No quería tener nada que ver con el rollo del hogar y la familia. Él, mejor que nadie, sabía que el compromiso a ese nivel no funcionaba, ya que ni siquiera se acordaba de su propia madre, la segunda esposa de su padre. Ella lo había dejado cuando tenía dos años de edad y desde entonces había tenido una larga lista de canguros y au pairs, por no hablar de las madrastras, que lo habían ignorado y que habían terminado abandonando también a sus propios hijos. Básicamente habían tomado el dinero y huido. Así, mucho antes de graduarse en el instituto, J. T. había descubierto que las mujeres también se podían comprar.

Entonces también había aprendido otro par de lecciones útiles. Había descubierto que las mujeres fingían para conseguir lo que deseaban, y que la mejor forma de atraer la atención era metiéndose en líos. Sólo con la visita de un policía conseguía pasar apenas diez minutos con su padre, y muchas veces no volvía a verlo hasta la semana siguiente.

El ascensor aminoró la velocidad. Un sutil «ding» anunció la llegada a su piso.

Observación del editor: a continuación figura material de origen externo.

(* Let $X$ be a path-connected topological space admitting a universal cover, $\mathbb A$ an abelian group, $\mathfrak a\in H^1(X;\mathbb A)$, $\alpha$ a singular one-cocycle representing $\mathfrak a$ and $x\in X$. Then: (1) $\mathfrak G_{x,\alpha}$ is a two-cocycle on $\mathrm{Homeo}(X,\mathfrak a)$, i.e. for all $g,h,k\in\mathrm{Homeo}(X,\mathfrak a)$, $$\mathfrak G_{x,\alpha}(h,k)-\mathfrak G_{x,\alpha}(gh,k)+\mathfrak G_{x,\alpha}(g,hk)-\mathfrak G_{x,\alpha}(g,h)=0;$$ (2) the value $\mathfrak G_{x,\alpha}(g,h)$ does not depend on the choice of the path from $x$ to $hx$; (3) the cohomology class of $\mathfrak G_{x,\alpha}$ depends neither on the reference point $x$ nor on the cocycle $\alpha$ representing $\mathfrak a$; (4) if either $g^*\alpha=\alpha$ or $hx=x$, then $\mathfrak G_{x,\alpha}(g,h)=0$.
   Context: $\mathrm{Homeo}(X,\mathfrak a)$ is the group of homeomorphisms $g$ of $X$ with $g^*\mathfrak a=\mathfrak a$. $\mathfrak G_{x,\alpha}(g,h):=\int_\gamma g^*\alpha-\alpha$, where $\gamma$ is a path from $x$ to $hx$ and $\int_\gamma\sigma$ denotes the natural pairing of the chain $\gamma$ with the cochain $\sigma$. The cohomology class in (3) is in the group cohomology of $\mathrm{Homeo}(X,\mathfrak a)$ as a discrete group with trivial coefficients $\mathbb A$. *)

From HB Require Import structures.
From mathcomp Require Import all_boot all_order all_algebra.
From mathcomp Require Import all_classical all_reals all_analysis.
From mathcomp Require Import ring lra subtype_topology.
Import numFieldNormedType.Exports.
Set Implicit Arguments. Unset Strict Implicit. Unset Printing Implicit Defensive.
Import Order.TTheory GRing.Theory Num.Theory.
Local Open Scope classical_set_scope.
Local Open Scope ring_scope.

Section Simplices.
Variable R : realType.

Definition std1 : set R := [set t | 0 <= t <= 1].
Definition std2 : set (R * R) := [set p | 0 <= p.1 /\ 0 <= p.2 /\ p.1 + p.2 <= 1].

Local Notation simplex1 := (set_type std1).
Local Notation simplex2 := (set_type std2).

Lemma std1_0 : (0 : R) \in std1.
Proof. by apply/mem_set; rewrite /std1 /= lexx ler01. Qed.
Lemma std1_1 : (1 : R) \in std1.
Proof. by apply/mem_set; rewrite /std1 /= lexx ler01. Qed.

Definition vtx0 : simplex1 := SigSub std1_0.
Definition vtx1 : simplex1 := SigSub std1_1.

Lemma face0P (t : simplex1) : (1 - val t, val t) \in std2.
Proof.
case: t => t /set_mem /= /andP[t0 t1]; apply/mem_set; rewrite /std2 /=.
split; [|split]; lra.
Qed.
Lemma face1P (t : simplex1) : (0, val t) \in std2.
Proof.
case: t => t /set_mem /= /andP[t0 t1]; apply/mem_set; rewrite /std2 /=.
split; [|split]; lra.
Qed.
Lemma face2P (t : simplex1) : (val t, 0) \in std2.
Proof.
case: t => t /set_mem /= /andP[t0 t1]; apply/mem_set; rewrite /std2 /=.
split; [|split]; lra.
Qed.

(** Face maps of the 2-simplex with vertices v0=(0,0), v1=(1,0), v2=(0,1):
    face i is the affine order-preserving map onto the face opposite v_i. *)
Definition face0 (t : simplex1) : simplex2 := SigSub (face0P t).
Definition face1 (t : simplex1) : simplex2 := SigSub (face1P t).
Definition face2 (t : simplex1) : simplex2 := SigSub (face2P t).
End Simplices.

Notation simplex1 R := (set_type (@std1 R)).
Notation simplex2 R := (set_type (@std2 R)).

Section Cochains.
Variables (R : realType) (X : topologicalType) (A : zmodType).

(** A singular 1-cochain with coefficients in A is a function on singular
    1-simplices; only its values on continuous maps simplex1 -> X matter,
    and all conditions below quantify over continuous simplices only. *)
Definition cochain1 := (simplex1 R -> X) -> A.

Definition path_from_to (x y : X) (gam : simplex1 R -> X) :=
  continuous gam /\ gam (vtx0 R) = x /\ gam (vtx1 R) = y.

Definition path_connected := forall x y : X, exists gam, path_from_to x y gam.

Definition cocycle1 (alpha : cochain1) :=
  forall sigma : simplex2 R -> X, continuous sigma ->
    alpha (sigma \o face0 (R:=R)) - alpha (sigma \o face1 (R:=R))
      + alpha (sigma \o face2 (R:=R)) = 0.

Definition cohomologous1 (alpha beta : cochain1) :=
  exists f : X -> A, forall gam : simplex1 R -> X, continuous gam ->
    alpha gam - beta gam = f (gam (vtx1 R)) - f (gam (vtx0 R)).

Definition cochain_eq (alpha beta : cochain1) :=
  forall gam : simplex1 R -> X, continuous gam -> alpha gam = beta gam.

Definition pullback (g : X -> X) (alpha : cochain1) : cochain1 :=
  fun gam => alpha (g \o gam).

Definition is_homeo (g : X -> X) :=
  continuous g /\ exists ginv : X -> X,
    continuous ginv /\ cancel g ginv /\ cancel ginv g.

Definition in_Homeo (alpha : cochain1) (g : X -> X) :=
  is_homeo g /\ cohomologous1 (pullback g alpha) alpha.

(** G_{x,alpha}(g,h) := \int_gam (g^*alpha - alpha), gam some path from x to hx
    (a path is chosen; 0 if there is none). *)
Definition Gcoc (x : X) (alpha : cochain1) (g h : X -> X) : A :=
  xget 0 [set a : A | exists gam, path_from_to x (h x) gam /\
                                  a = pullback g alpha gam - alpha gam].
End Cochains.

Section Cover.
Variable R : realType.

Definition covering_map (Y X : topologicalType) (p : Y -> X) :=
  continuous p /\ (forall x, exists y, p y = x) /\
  forall x : X, exists U : set X, open U /\ U x /\
    exists F : set (set Y),
      (forall V, F V -> open V) /\
      (forall V W, F V -> F W -> V `&` W !=set0 -> V = W) /\
      p @^-1` U = \bigcup_(V in F) V /\
      (forall V, F V -> p @` V = U /\ {in V &, injective p} /\
         exists s : X -> Y, {within U, continuous s} /\
           forall u, U u -> V (s u) /\ p (s u) = u).

Definition simply_connected (Y : topologicalType) :=
  path_connected R Y /\
  forall gam : simplex1 R -> Y, continuous gam -> gam (vtx0 R) = gam (vtx1 R) ->
    exists H : (simplex1 R * simplex1 R)%type -> Y, continuous H /\
      (forall t, H (t, vtx0 R) = gam t) /\
      (forall t, H (t, vtx1 R) = gam (vtx0 R)) /\
      (forall s, H (vtx0 R, s) = gam (vtx0 R)) /\
      (forall s, H (vtx1 R, s) = gam (vtx0 R)).

Definition has_universal_cover (X : topologicalType) :=
  exists (Y : topologicalType) (p : Y -> X), covering_map p /\ simply_connected Y.
End Cover.

(* For g in Homeo(X, a) the cochain g^*alpha - alpha is exact, say equal to
   delta f_g with f_g : X -> A.  Hence its integral along any path from x to
   hx is f_g(hx) - f_g(x), which gives (2) and (4).  Since
   (gh)^*alpha - alpha = delta (f_h + f_g o h) and, when beta - alpha = delta e,
   g^*beta - beta = delta (f_g + e o g - e), claims (1) and (3) reduce to
   identities in A. *)

From HB Require Import structures.
From mathcomp Require Import all_boot all_order all_algebra.
From mathcomp Require Import all_classical all_reals all_analysis.
From mathcomp Require Import subtype_topology.
Import Order.TTheory GRing.Theory Num.Theory.
Import numFieldNormedType.Exports.
Set Implicit Arguments. Unset Strict Implicit. Unset Printing Implicit Defensive.
Local Open Scope classical_set_scope.
Local Open Scope ring_scope.

Lemma subrACA (V : zmodType) (a b c d : V) : (a - b) - (c - d) = (a - c) - (b - d).
Proof. by rewrite !opprD !opprK addrACA. Qed.

Lemma subrDD (V : zmodType) (a b c d : V) : (a + b) - (c + d) = (a - c) + (b - d).
Proof. by rewrite opprD addrACA. Qed.

Section GroupCocycle.
Variables (R : realType) (X : topologicalType) (A : zmodType).
Hypothesis connX : path_connected R X.
Implicit Types (alpha beta : cochain1 R X A) (f e : X -> A) (g h k : X -> X) (x y : X).

Definition coboundary0 f : cochain1 R X A :=
  fun gam => f (gam (vtx1 R)) - f (gam (vtx0 R)).

Definition group_coboundary (phi : (X -> X) -> A) g h : A :=
  phi h - phi (g \o h) + phi g.

Lemma group_coboundaryD (phi psi : (X -> X) -> A) g h :
  group_coboundary (phi \+ psi) g h = group_coboundary phi g h + group_coboundary psi g h.
Proof. by rewrite /group_coboundary /= opprD (addrACA (phi h)) (addrACA (phi h - _)). Qed.

Lemma group_coboundary_orbit (F : X -> A) y g h :
  group_coboundary (fun k => F (k y) - F y) g h = (F (g y) - F y) - (F (g (h y)) - F (h y)).
Proof. by rewrite /group_coboundary subrACA subrr subr0 opprB addrC. Qed.

Lemma pullback_comp_coboundary {alpha g h fg fh} : continuous h ->
  cochain_eq (pullback g alpha \- alpha) (coboundary0 fg) ->
  cochain_eq (pullback h alpha \- alpha) (coboundary0 fh) ->
  cochain_eq (pullback (g \o h) alpha \- alpha) (coboundary0 (fh \+ (fg \o h))).
Proof.
move=> ch gfg hfh gam cgam.
have chgam : continuous (h \o gam) := fun t => continuous_comp (cgam t) (ch _).
have := gfg _ chgam; have := hfh _ cgam; rewrite /pullback /coboundary0 /= => hgam ghgam.
rewrite -[(g \o h) \o gam]/(g \o (h \o gam)).
by rewrite -(subrKA (alpha (h \o gam)) (alpha (g \o (h \o gam)))) ghgam hgam subrDD addrC.
Qed.

Lemma pullback_cohomologous_coboundary {alpha beta g fg e} : continuous g ->
  cochain_eq (pullback g alpha \- alpha) (coboundary0 fg) ->
  cochain_eq (beta \- alpha) (coboundary0 e) ->
  cochain_eq (pullback g beta \- beta) (coboundary0 (fg \+ ((e \o g) \- e))).
Proof.
move=> cg gfg be gam cgam.
have cggam : continuous (g \o gam) := fun t => continuous_comp (cgam t) (cg _).
have := be _ cgam; have := be _ cggam; have := gfg _ cgam.
rewrite /pullback /coboundary0 /= => ggam beggam begam.
by rewrite subrDD subrACA -ggam -beggam -begam subrACA subrKC.
Qed.

Lemma Gcoc_eq_const x alpha g h (c : A) :
  (forall gam, path_from_to (R:=R) x (h x) gam -> pullback g alpha gam - alpha gam = c) ->
  Gcoc x alpha g h = c.
Proof.
move=> intc; have [gam xgam] := connX x (h x).
rewrite /Gcoc; set S := (X in xget 0 X).
have : exists a, S a by exists c, gam; rewrite intc.
by move=> /(xgetPex 0) [gam' [xgam' ->]]; exact: intc.
Qed.

Lemma Gcoc_coboundary {x alpha g h f} :
  cochain_eq (pullback g alpha \- alpha) (coboundary0 f) ->
  Gcoc x alpha g h = f (h x) - f x.
Proof.
move=> gf; apply: Gcoc_eq_const => gam [cgam [gam0 gam1]].
by have := gf _ cgam; rewrite /= /coboundary0 gam0 gam1.
Qed.

Lemma Gcoc_path x alpha g h gam : cohomologous1 (pullback g alpha) alpha ->
  path_from_to x (h x) gam -> Gcoc x alpha g h = pullback g alpha gam - alpha gam.
Proof.
move=> [f gf] [cgam [gam0 gam1]].
by rewrite (Gcoc_coboundary gf) -gam1 -gam0 (gf _ cgam).
Qed.

Lemma Gcoc_pullback_eq0 x alpha g h :
  cochain_eq (pullback g alpha) alpha -> Gcoc x alpha g h = 0.
Proof. by move=> galpha; apply: Gcoc_eq_const => gam [cgam _]; rewrite galpha // subrr. Qed.

Lemma Gcoc_fixed_eq0 x alpha g h : cohomologous1 (pullback g alpha) alpha ->
  h x = x -> Gcoc x alpha g h = 0.
Proof. by move=> [f gf] hx; rewrite (Gcoc_coboundary gf) hx subrr. Qed.

Lemma Gcoc_cocycle x alpha g h k : in_Homeo alpha g -> in_Homeo alpha h ->
  Gcoc x alpha h k - Gcoc x alpha (g \o h) k + Gcoc x alpha g (h \o k)
    - Gcoc x alpha g h = 0.
Proof.
move=> [_ [fg gfg]] [[ch _] [fh hfh]].
have -> : Gcoc x alpha (g \o h) k = Gcoc x alpha h k + (fg (h (k x)) - fg (h x)).
  by rewrite (Gcoc_coboundary (pullback_comp_coboundary ch gfg hfh)) (Gcoc_coboundary hfh) subrDD.
rewrite !(Gcoc_coboundary gfg) /=.
by rewrite opprD addNKr -addrA subrACA subrr subr0 addNr.
Qed.

Lemma Gcoc_basepoint x y alpha g h del : in_Homeo alpha g -> in_Homeo alpha h ->
  path_from_to y x del ->
  Gcoc x alpha g h = Gcoc y alpha g h +
    group_coboundary (fun k => alpha del - pullback k alpha del) g h.
Proof.
move=> [_ [fg gfg]] [[ch _] [fh hfh]] [cdel [del0 del1]].
set chi := fun k => _.
have chiE k fk : cochain_eq (pullback k alpha \- alpha) (coboundary0 fk) -> chi k = fk y - fk x.
  move=> kfk; have := kfk _ cdel; rewrite /= /coboundary0 del0 del1.
  by move=> /(congr1 -%R); rewrite !opprB.
have chi_comp : chi (g \o h) = chi h + (fg (h y) - fg (h x)).
  by rewrite (chiE _ _ (pullback_comp_coboundary ch gfg hfh)) (chiE _ _ hfh) subrDD.
rewrite /group_coboundary chi_comp opprD addNKr (chiE _ _ gfg) !(Gcoc_coboundary gfg) opprB.
by rewrite addrCA !subrKA.
Qed.

Lemma Gcoc_cohomologous y alpha beta e g h : in_Homeo alpha g ->
  cochain_eq (beta \- alpha) (coboundary0 e) ->
  Gcoc y beta g h = Gcoc y alpha g h - group_coboundary (fun k => e (k y) - e y) g h.
Proof.
move=> [[cg _] [fg gfg]] be.
rewrite (Gcoc_coboundary (pullback_cohomologous_coboundary cg gfg be)) (Gcoc_coboundary gfg).
by rewrite /= group_coboundary_orbit subrDD [in RHS]opprB.
Qed.

End GroupCocycle.


Theorem lemma2p1 (R : realType) (X : topologicalType) (A : zmodType)
    (alpha : cochain1 R X A) (x : X) :
  path_connected R X -> has_universal_cover R X -> cocycle1 alpha ->
  (* (1) cocycle identity on Homeo(X, [alpha]) *)
  (forall g h k : X -> X,
     in_Homeo alpha g -> in_Homeo alpha h -> in_Homeo alpha k ->
     Gcoc x alpha h k - Gcoc x alpha (g \o h) k + Gcoc x alpha g (h \o k)
       - Gcoc x alpha g h = 0) /\
  (* (2) independence of the path *)
  (forall g h : X -> X, in_Homeo alpha g -> in_Homeo alpha h ->
     forall gam, path_from_to x (h x) gam ->
       Gcoc x alpha g h = pullback g alpha gam - alpha gam) /\
  (* (3) the group-cohomology class is independent of x and of the representative *)
  (forall (y : X) (beta : cochain1 R X A), cocycle1 beta -> cohomologous1 beta alpha ->
     exists phi : (X -> X) -> A, forall g h : X -> X,
       in_Homeo alpha g -> in_Homeo alpha h ->
       Gcoc x alpha g h - Gcoc y beta g h = phi h - phi (g \o h) + phi g) /\
  (* (4) vanishing *)
  (forall g h : X -> X, in_Homeo alpha g -> in_Homeo alpha h ->
     cochain_eq (pullback g alpha) alpha \/ h x = x -> Gcoc x alpha g h = 0).
Proof.
move=> connX _ _; split; [|split; [|split]].
- by move=> g h k gH hH _; exact: Gcoc_cocycle.
- by move=> g h [_ galpha] _ gam xgam; exact: Gcoc_path.
- move=> y beta _ [e be]; have [del ydel] := connX y x.
  exists ((fun k => alpha del - pullback k alpha del) \+ (fun k => e (k y) - e y)).
  move=> g h gH hH; rewrite (Gcoc_basepoint connX gH hH ydel) (Gcoc_cohomologous connX y h gH be).
  by rewrite subrDD subrr add0r opprK -group_coboundaryD.
- move=> g h [_ galpha] _ [gid|hx]; first exact: Gcoc_pullback_eq0.
  exact: Gcoc_fixed_eq0.
Qed.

Ya no le causaba problemas a nadie. Por lo menos ya no tenía que preocuparse de que amenazaran con expulsarle del colegio. Había logrado refinar su talento rebelde hasta convertirlo en una habilidad para saltarse las reglas cuando no le convenían. Sin embargo, su opinión de las mujeres no había cambiado mucho. La condición que había puesto su padre era que las mujeres no supieran nada de ellos ni de su riqueza. No obstante, cuando por fin se decidiera a buscar a una chica, sus requisitos serían más específicos.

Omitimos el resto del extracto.